Requirement: Take the listing below and print exactly the lines starting at the line containing "pose proof (HMpos x0 (Rle_refl x0)). pose proof (exp_pos x0)." and ending at the line containing "- apply (is_lim_ext_loc", both ends included, and no others.
*** Opening of Recorded information ***
(* Let $b\in\mathbb{R}$ and let $(r,W,V,N,\delta)$ be a smooth solution, defined on an interval $(-\infty,\rho_* )$ with $r>0$ and $N>0$ there, of the system \[ \dot r = rN,\quad \dot W = V,\quad \dot V = (2N-\kappa)V - W(1-W^2),\quad \dot N = (\kappa-N)N - \frac{2V^2}{r^2},\quad \big(e^{-\delta}N\big)^{\cdot} = (\kappa-N)e^{-\delta}N, \] where $\dot{}=d/d\rho$ and \[ \kappa=\frac{1}{2N}\left(1+N^2+\frac{2V^2}{r^2}-\frac{(1-W^2)^2}{r^2}\right), \] which is regular at the origin with parameter $b$, i.e. as $\rho\to-\infty$, \[ r\sim e^{\rho},\quad W\sim -1+be^{2\rho},\quad V\sim 2be^{2\rho},\quad N\sim 1-2b^2e^{2\rho},\quad \delta\sim -4b^2e^{2\rho}, \] (these being the leading terms of the asymptotic expansion of the unique local solution determined by $b$, which correspond to $W=-1+br^2+O(r^4)$, $A=N^2=1-4b^2r^2+O(r^4)$, $\delta=-4b^2r^2+O(r^4)$ in the areal radius $r$). Then for all $\rho\in(-\infty,\rho_* )$, \[ 1\le \kappa(\rho)\le 2-N(\rho). \]
   Context: This system is the static spherically symmetric Einstein–Yang–Mills system with gauge group $SU(2)$, for the metric $ds^2=-e^{-2\delta}N^2dt^2+r^2(d\rho^2+d\Omega^2)$ (with $d\Omega^2$ the round metric on the unit 2-sphere) and Yang–Mills potential $W$; the radial coordinate $\rho$ is related to the areal radius $r$ by $dr=rN\,d\rho$, and $N=\sqrt{A}$ where $A$ is the metric function in $ds^2=-e^{-2\delta}A\,dt^2+dr^2/A+r^2d\Omega^2$. *)

From Stdlib Require Import Reals.
From Coquelicot Require Import Coquelicot.
Open Scope R_scope.

Definition kappa (r W V N : R) : R :=
  / (2 * N) * (1 + N ^ 2 + 2 * V ^ 2 / r ^ 2 - (1 - W ^ 2) ^ 2 / r ^ 2).

Definition little_o_e2 (f : R -> R) : Prop :=
  is_lim (fun x => f x / exp (2 * x)) m_infty 0.

Definition regular_at_origin (b : R) (r W V N delta : R -> R) : Prop :=
  is_lim (fun x => r x / exp x) m_infty 1 /\
  little_o_e2 (fun x => W x - (-1 + b * exp (2 * x))) /\
  little_o_e2 (fun x => V x - 2 * b * exp (2 * x)) /\
  little_o_e2 (fun x => N x - (1 - 2 * b ^ 2 * exp (2 * x))) /\
  little_o_e2 (fun x => delta x - (- 4 * b ^ 2 * exp (2 * x))).

Definition eym_solution (rho_s : Rbar) (r W V N delta : R -> R) : Prop :=
  forall x : R, Rbar_lt x rho_s ->
    (forall n : nat, ex_derive_n r n x /\ ex_derive_n W n x /\ ex_derive_n V n x
                     /\ ex_derive_n N n x /\ ex_derive_n delta n x) /\
    0 < r x /\ 0 < N x /\
    let k := kappa (r x) (W x) (V x) (N x) in
    is_derive r x (r x * N x) /\
    is_derive W x (V x) /\
    is_derive V x ((2 * N x - k) * V x - W x * (1 - W x ^ 2)) /\
    is_derive N x ((k - N x) * N x - 2 * V x ^ 2 / r x ^ 2) /\
    is_derive (fun y => exp (- delta y) * N y) x ((k - N x) * (exp (- delta x) * N x)).

(* Along a solution, kappa satisfies the Riccati equation
   kappa' = 1 - kappa^2 + 2 V^2 / r^2.  With M = e^(-delta) N this makes
   (kappa - 1) e^rho r M  and  (2 - N - kappa) e^(2 rho) M / r  nondecreasing, with
   derivatives 2 e^rho M V^2 / r and 3 (1 - N)^2 e^(2 rho) M / r.  Regularity at the origin
   gives r ~ e^rho and kappa, N, M -> 1, so both quantities tend to 0 as rho -> -oo; hence
   they are nonnegative, and dividing by the positive factors gives the two bounds. *)

From Stdlib Require Import Reals Lra.
From Coquelicot Require Import Coquelicot.
Open Scope R_scope.

(* [M] stands for [e^(-delta) N]; only its equation is used, not delta itself. *)
Definition eym_ode_at (r W V N M : R -> R) (y : R) : Prop :=
  0 < r y /\ 0 < N y /\
  is_derive r y (r y * N y) /\
  is_derive W y (V y) /\
  is_derive V y ((2 * N y - kappa (r y) (W y) (V y) (N y)) * V y - W y * (1 - W y ^ 2)) /\
  is_derive N y ((kappa (r y) (W y) (V y) (N y) - N y) * N y - 2 * V y ^ 2 / r y ^ 2) /\
  is_derive M y ((kappa (r y) (W y) (V y) (N y) - N y) * M y).

Lemma is_lim_mult_finite (f g : R -> R) (x : Rbar) (a c : R) :
  is_lim f x a -> is_lim g x c -> is_lim (fun y => f y * g y) x (a * c).
Proof. intros Hf Hg. exact (is_lim_mult f g x a c Hf Hg I). Qed.

Lemma is_lim_inv_finite (f : R -> R) (x : Rbar) (a : R) :
  is_lim f x a -> a <> 0 -> is_lim (fun y => / f y) x (/ a).
Proof. intros Hf Ha. apply (is_lim_inv f x a Hf). congruence. Qed.

Lemma is_lim_opp_finite (f : R -> R) (x : Rbar) (a : R) :
  is_lim f x a -> is_lim (fun y => - f y) x (- a).
Proof. exact (is_lim_opp f x a). Qed.

Lemma is_lim_exp_finite (f : R -> R) (x : Rbar) (a : R) :
  is_lim f x a -> is_lim (fun y => exp (f y)) x (exp a).
Proof.
  intros Hf. eapply filterlim_comp; [exact Hf|].
  apply (ex_derive_continuous exp). auto_derive. trivial.
Qed.

Lemma is_lim_exp_2_m : is_lim (fun y => exp (2 * y)) m_infty 0.
Proof.
  apply (is_lim_ext (fun y => exp y * exp y)).
  - intros y. rewrite <- exp_plus. f_equal. ring.
  - rewrite <- (Rmult_0_l 0). apply is_lim_mult_finite; apply is_lim_exp_m.
Qed.

Lemma is_lim_finite_eq (f : R -> R) (x : Rbar) (a c : R) :
  is_lim f x a -> a = c -> is_lim f x c.
Proof. now intros Hf <-. Qed.

Ltac is_lim_finite :=
  repeat first
    [ eassumption | apply is_lim_const | apply is_lim_exp_m | apply is_lim_exp_2_m
    | apply is_lim_plus' | apply is_lim_minus' | apply is_lim_mult_finite
    | apply is_lim_opp_finite | apply is_lim_exp_finite
    | apply is_lim_inv_finite; [is_lim_finite | lra] ].

Ltac rewrite_derive D :=
  match type of D with
  | is_derive ?f ?y _ => rewrite (is_derive_unique (fun t : R => f t) y _ D)
  end.

Section Monotone_quantities.

Variables r W V N M : R -> R.

Let k (t : R) : R := kappa (r t) (W t) (V t) (N t).

Lemma is_derive_kappa y : eym_ode_at r W V N M y ->
  is_derive k y (1 - k y ^ 2 + 2 * V y ^ 2 / r y ^ 2).
Proof.
  intros (Hr & HN & Dr & DW & DV & DN & _). unfold k, kappa in *.
  auto_derive.
  - repeat split; try (eexists; eassumption); nra.
  - rewrite_derive Dr; rewrite_derive DW; rewrite_derive DV; rewrite_derive DN.
    field; lra.
Qed.

Lemma is_derive_lower_potential y : eym_ode_at r W V N M y ->
  is_derive (fun t => (k t - 1) * (exp t * r t * M t)) y (2 * exp y * M y * V y ^ 2 / r y).
Proof.
  intros Hy. pose proof (is_derive_kappa y Hy) as Dk.
  destruct Hy as (Hr & HN & Dr & _ & _ & _ & DM).
  auto_derive.
  - repeat split; eexists; eassumption.
  - rewrite_derive Dk; rewrite_derive Dr; rewrite_derive DM.
    unfold k, kappa. field; lra.
Qed.

Lemma is_derive_upper_potential y : eym_ode_at r W V N M y ->
  is_derive (fun t => (2 - N t - k t) * (exp (2 * t) * M t / r t)) y
    (3 * (1 - N y) ^ 2 * (exp (2 * y) * M y / r y)).
Proof.
  intros Hy. pose proof (is_derive_kappa y Hy) as Dk.
  destruct Hy as (Hr & HN & Dr & _ & _ & DN & DM).
  auto_derive.
  - repeat split; try (eexists; eassumption); lra.
  - rewrite_derive Dk; rewrite_derive Dr; rewrite_derive DN; rewrite_derive DM.
    unfold k, kappa. field; lra.
Qed.

End Monotone_quantities.

Lemma little_o_e2_ext (f g : R -> R) :
  (forall x, f x = g x) -> little_o_e2 f -> little_o_e2 g.
Proof. intros Hfg. apply is_lim_ext. intros x. now rewrite Hfg. Qed.

Lemma little_o_e2_quotient (f : R -> R) (c : R) :
  little_o_e2 (fun x => f x - c * exp (2 * x)) ->
  is_lim (fun x => f x / exp (2 * x)) m_infty c.
Proof.
  intros Ho. apply (is_lim_ext (fun x => (f x - c * exp (2 * x)) / exp (2 * x) + c)).
  - intros x. field. apply Rgt_not_eq, exp_pos.
  - eapply is_lim_finite_eq; [is_lim_finite | ring].
Qed.

Lemma is_lim_of_quotient_e2 (f : R -> R) (c : R) :
  is_lim (fun x => f x / exp (2 * x)) m_infty c -> is_lim f m_infty 0.
Proof.
  intros Hq. apply (is_lim_ext (fun x => f x / exp (2 * x) * exp (2 * x))).
  - intros x. field. apply Rgt_not_eq, exp_pos.
  - eapply is_lim_finite_eq; [is_lim_finite | ring].
Qed.

Section Regular_origin.

Variables (b x1 : R) (r W V N delta : R -> R).
Hypothesis Hreg : regular_at_origin b r W V N delta.
Hypothesis Hr : forall x, x < x1 -> r x <> 0.

Lemma is_lim_div_radius (f : R -> R) (c : R) :
  is_lim (fun x => f x / exp (2 * x)) m_infty c ->
  is_lim (fun x => f x / r x) m_infty 0.
Proof.
  intros Hq. destruct Hreg as [Hradius _].
  apply (is_lim_ext_loc (fun x => f x / exp (2 * x) * exp x * / (r x / exp x))).
  - exists x1. intros x Hx. replace (2 * x) with (x + x) by ring. rewrite exp_plus.
    pose proof (Hr x Hx). pose proof (Rgt_not_eq _ _ (exp_pos x)). field. tauto.
  - eapply is_lim_finite_eq; [is_lim_finite | field].
Qed.

Lemma regular_at_origin_is_lim_N : is_lim N m_infty 1.
Proof.
  destruct Hreg as (_ & _ & _ & HoN & _).
  apply (is_lim_ext (fun x => (N x - 1) + 1)); [intros x; ring|].
  assert (HN1 : is_lim (fun x => N x - 1) m_infty 0).
  { apply (is_lim_of_quotient_e2 _ (- 2 * b ^ 2)), little_o_e2_quotient.
    revert HoN. apply little_o_e2_ext. intros x. ring. }
  eapply is_lim_finite_eq; [is_lim_finite | ring].
Qed.

Lemma regular_at_origin_is_lim_lapse :
  is_lim (fun x => exp (- delta x) * N x) m_infty 1.
Proof.
  destruct Hreg as (_ & _ & _ & _ & Hod).
  assert (Hd : is_lim delta m_infty 0).
  { apply (is_lim_of_quotient_e2 _ (- 4 * b ^ 2)), little_o_e2_quotient.
    revert Hod. apply little_o_e2_ext. intros x. ring. }
  pose proof regular_at_origin_is_lim_N.
  eapply is_lim_finite_eq; [is_lim_finite | rewrite Ropp_0, exp_0; ring].
Qed.

Lemma regular_at_origin_is_lim_kappa :
  is_lim (fun x => kappa (r x) (W x) (V x) (N x)) m_infty 1.
Proof.
  destruct Hreg as (_ & HoW & HoV & _).
  assert (HW1 : is_lim (fun x => (W x + 1) / exp (2 * x)) m_infty b).
  { apply little_o_e2_quotient. revert HoW. apply little_o_e2_ext. intros x. ring. }
  assert (HW : is_lim W m_infty (-1)).
  { apply (is_lim_ext (fun x => (W x + 1) - 1)); [intros x; ring|].
    pose proof (is_lim_of_quotient_e2 _ _ HW1).
    eapply is_lim_finite_eq; [is_lim_finite | ring]. }
  assert (HWr : is_lim (fun x => (1 - W x ^ 2) / r x) m_infty 0).
  { apply (is_lim_div_radius _ (2 * b)).
    apply (is_lim_ext (fun x => (1 - W x) * ((W x + 1) / exp (2 * x)))).
    - intros x. field. apply Rgt_not_eq, exp_pos.
    - eapply is_lim_finite_eq; [is_lim_finite | ring]. }
  assert (HVr : is_lim (fun x => V x / r x) m_infty 0).
  { apply (is_lim_div_radius _ (2 * b)), little_o_e2_quotient. exact HoV. }
  pose proof regular_at_origin_is_lim_N.
  apply (is_lim_ext_loc (fun x => / (2 * N x) * (1 + N x * N x + 2 * (V x / r x * (V x / r x))
           - (1 - W x ^ 2) / r x * ((1 - W x ^ 2) / r x)))).
  - exists x1. intros x Hx. unfold kappa. f_equal. field. exact (Hr x Hx).
  - eapply is_lim_finite_eq; [is_lim_finite | field].
Qed.

End Regular_origin.

Lemma nonneg_of_derive_nonneg_is_lim_m_infty (F dF : R -> R) (x0 : R) :
  (forall y, y <= x0 -> is_derive F y (dF y)) ->
  (forall y, y <= x0 -> 0 <= dF y) ->
  is_lim F m_infty 0 -> 0 <= F x0.
Proof.
  intros HD Hpos Hlim.
  destruct (Rle_or_lt 0 (F x0)) as [Hx0 | Hx0]; [exact Hx0 | exfalso].
  apply is_lim_spec in Hlim.
  destruct (Hlim (mkposreal (- F x0) ltac:(lra))) as [M HM]. simpl in HM.
  set (t := Rmin (M - 1) (x0 - 1)).
  assert (HtM : t < M) by (unfold t; generalize (Rmin_l (M - 1) (x0 - 1)); lra).
  assert (Htx0 : t < x0) by (unfold t; generalize (Rmin_r (M - 1) (x0 - 1)); lra).
  specialize (HM t HtM). rewrite Rminus_0_r in HM. apply Rabs_def2 in HM.
  destruct (MVT_gen F t x0 dF) as [c [Hc Hmvt]];
    rewrite ?Rmin_left, ?Rmax_right in * by lra.
  - intros y Hy. apply HD. lra.
  - intros y Hy. apply continuity_pt_filterlim, (ex_derive_continuous F).
    exists (dF y). apply HD. lra.
  - assert (0 <= dF c * (x0 - t)) by (apply Rmult_le_pos; [apply Hpos|]; lra).
    lra.
Qed.

Section Comparison.

Variables (r W V N M : R -> R) (x0 : R).
Hypothesis Hode : forall y, y <= x0 -> eym_ode_at r W V N M y.
Hypothesis HMpos : forall y, y <= x0 -> 0 < M y.
Hypothesis Hr : is_lim (fun x => r x / exp x) m_infty 1.
Hypothesis HN : is_lim N m_infty 1.
Hypothesis HM : is_lim M m_infty 1.
Hypothesis Hk : is_lim (fun x => kappa (r x) (W x) (V x) (N x)) m_infty 1.

Let k (t : R) : R := kappa (r t) (W t) (V t) (N t).

Lemma kappa_ge_1 : 1 <= k x0.
Proof.
  assert (Hpot : 0 <= (k x0 - 1) * (exp x0 * r x0 * M x0)).
  { apply (nonneg_of_derive_nonneg_is_lim_m_infty
      (fun t => (k t - 1) * (exp t * r t * M t))
      (fun y => 2 * exp y * M y * V y ^ 2 / r y)).
    - intros y Hy. exact (is_derive_lower_potential r W V N M y (Hode y Hy)).
    - intros y Hy. destruct (Hode y Hy) as (Hry & _). pose proof (HMpos y Hy).
      pose proof (exp_pos y) as Hexp. pose proof (pow2_ge_0 (V y)) as HV2.
      assert (0 < / r y) by (apply Rinv_0_lt_compat; exact Hry).
      unfold Rdiv. apply Rmult_le_pos; [apply Rmult_le_pos; [nra | exact HV2] | lra].
    - apply (is_lim_ext (fun x => (k x - 1) * (exp x * exp x * (r x / exp x) * M x))).
      + intros x. field. apply Rgt_not_eq, exp_pos.
      + eapply is_lim_finite_eq; [is_lim_finite | ring]. }
  destruct (Hode x0 (Rle_refl x0)) as (Hr0 & _).
  pose proof (HMpos x0 (Rle_refl x0)). pose proof (exp_pos x0).
  assert (0 < exp x0 * r x0 * M x0) by (repeat apply Rmult_lt_0_compat; lra).
  nra.
Qed.

Lemma kappa_le_2_sub_N : k x0 <= 2 - N x0.
Proof.
  assert (Hpot : 0 <= (2 - N x0 - k x0) * (exp (2 * x0) * M x0 / r x0)).
  { apply (nonneg_of_derive_nonneg_is_lim_m_infty
      (fun t => (2 - N t - k t) * (exp (2 * t) * M t / r t))
      (fun y => 3 * (1 - N y) ^ 2 * (exp (2 * y) * M y / r y))).
    - intros y Hy. exact (is_derive_upper_potential r W V N M y (Hode y Hy)).
    - intros y Hy. destruct (Hode y Hy) as (Hry & _). pose proof (HMpos y Hy).
      pose proof (exp_pos (2 * y)). pose proof (pow2_ge_0 (1 - N y)) as HN2.
      assert (0 < / r y) by (apply Rinv_0_lt_compat; exact Hry).
      unfold Rdiv. apply Rmult_le_pos; [apply Rmult_le_pos; [lra | exact HN2] |].
      repeat apply Rmult_le_pos; lra.
    - apply (is_lim_ext_loc (fun x => (2 - N x - k x) * (exp x * M x * / (r x / exp x)))).
      + exists x0. intros x Hx. destruct (Hode x (Rlt_le _ _ Hx)) as (Hrx & _).
        pose proof (Rgt_not_eq _ _ (exp_pos x)).
        replace (2 * x) with (x + x) by ring. rewrite exp_plus. field. lra.
      + eapply is_lim_finite_eq; [is_lim_finite | ring]. }
  destruct (Hode x0 (Rle_refl x0)) as (Hr0 & _).
  pose proof (HMpos x0 (Rle_refl x0)). pose proof (exp_pos (2 * x0)).
  assert (0 < / r x0) by (apply Rinv_0_lt_compat; exact Hr0).
  assert (0 < exp (2 * x0) * M x0 / r x0) by (repeat apply Rmult_lt_0_compat; lra).
  nra.
Qed.

End Comparison.

Theorem lemma1 (b : R) (rho_s : Rbar) (r W V N delta : R -> R) :
  eym_solution rho_s r W V N delta ->
  regular_at_origin b r W V N delta ->
  forall x : R, Rbar_lt x rho_s ->
    1 <= kappa (r x) (W x) (V x) (N x) <= 2 - N x.
Proof.
  intros Hsol Hreg x Hx.
  set (M := fun y => exp (- delta y) * N y).
  assert (Hode : forall y, y <= x -> eym_ode_at r W V N M y).
  { intros y Hy. exact (proj2 (Hsol y (Rbar_le_lt_trans y x rho_s Hy Hx))). }
  assert (HMpos : forall y, y <= x -> 0 < M y).
  { intros y Hy. destruct (Hode y Hy) as (_ & HNy & _).
    apply Rmult_lt_0_compat; [apply exp_pos | exact HNy]. }
  assert (Hr : forall y, y < x -> r y <> 0).
  { intros y Hy. destruct (Hode y (Rlt_le _ _ Hy)) as (Hry & _). lra. }
  pose proof (proj1 Hreg) as Hradius.
  pose proof (regular_at_origin_is_lim_N b r W V N delta Hreg) as HN.
  pose proof (regular_at_origin_is_lim_lapse b r W V N delta Hreg) as HM.
  pose proof (regular_at_origin_is_lim_kappa b x r W V N delta Hreg Hr) as Hk.
  split.
  - apply (kappa_ge_1 r W V N M x); assumption.
  - apply (kappa_le_2_sub_N r W V N M x); assumption.
Qed.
*** Close of Recorded information ***
Solved problem:
  pose proof (HMpos x0 (Rle_refl x0)). pose proof (exp_pos x0).
  assert (0 < exp x0 * r x0 * M x0) by (repeat apply Rmult_lt_0_compat; lra).
  nra.
Qed.

Lemma kappa_le_2_sub_N : k x0 <= 2 - N x0.
Proof.
  assert (Hpot : 0 <= (2 - N x0 - k x0) * (exp (2 * x0) * M x0 / r x0)).
  { apply (nonneg_of_derive_nonneg_is_lim_m_infty
      (fun t => (2 - N t - k t) * (exp (2 * t) * M t / r t))
      (fun y => 3 * (1 - N y) ^ 2 * (exp (2 * y) * M y / r y))).
    - intros y Hy. exact (is_derive_upper_potential r W V N M y (Hode y Hy)).
    - intros y Hy. destruct (Hode y Hy) as (Hry & _). pose proof (HMpos y Hy).
      pose proof (exp_pos (2 * y)). pose proof (pow2_ge_0 (1 - N y)) as HN2.
      assert (0 < / r y) by (apply Rinv_0_lt_compat; exact Hry).
      unfold Rdiv. apply Rmult_le_pos; [apply Rmult_le_pos; [lra | exact HN2] |].
      repeat apply Rmult_le_pos; lra.
    - apply (is_lim_ext_loc (fun x => (2 - N x - k x) * (exp x * M x * / (r x / exp x)))).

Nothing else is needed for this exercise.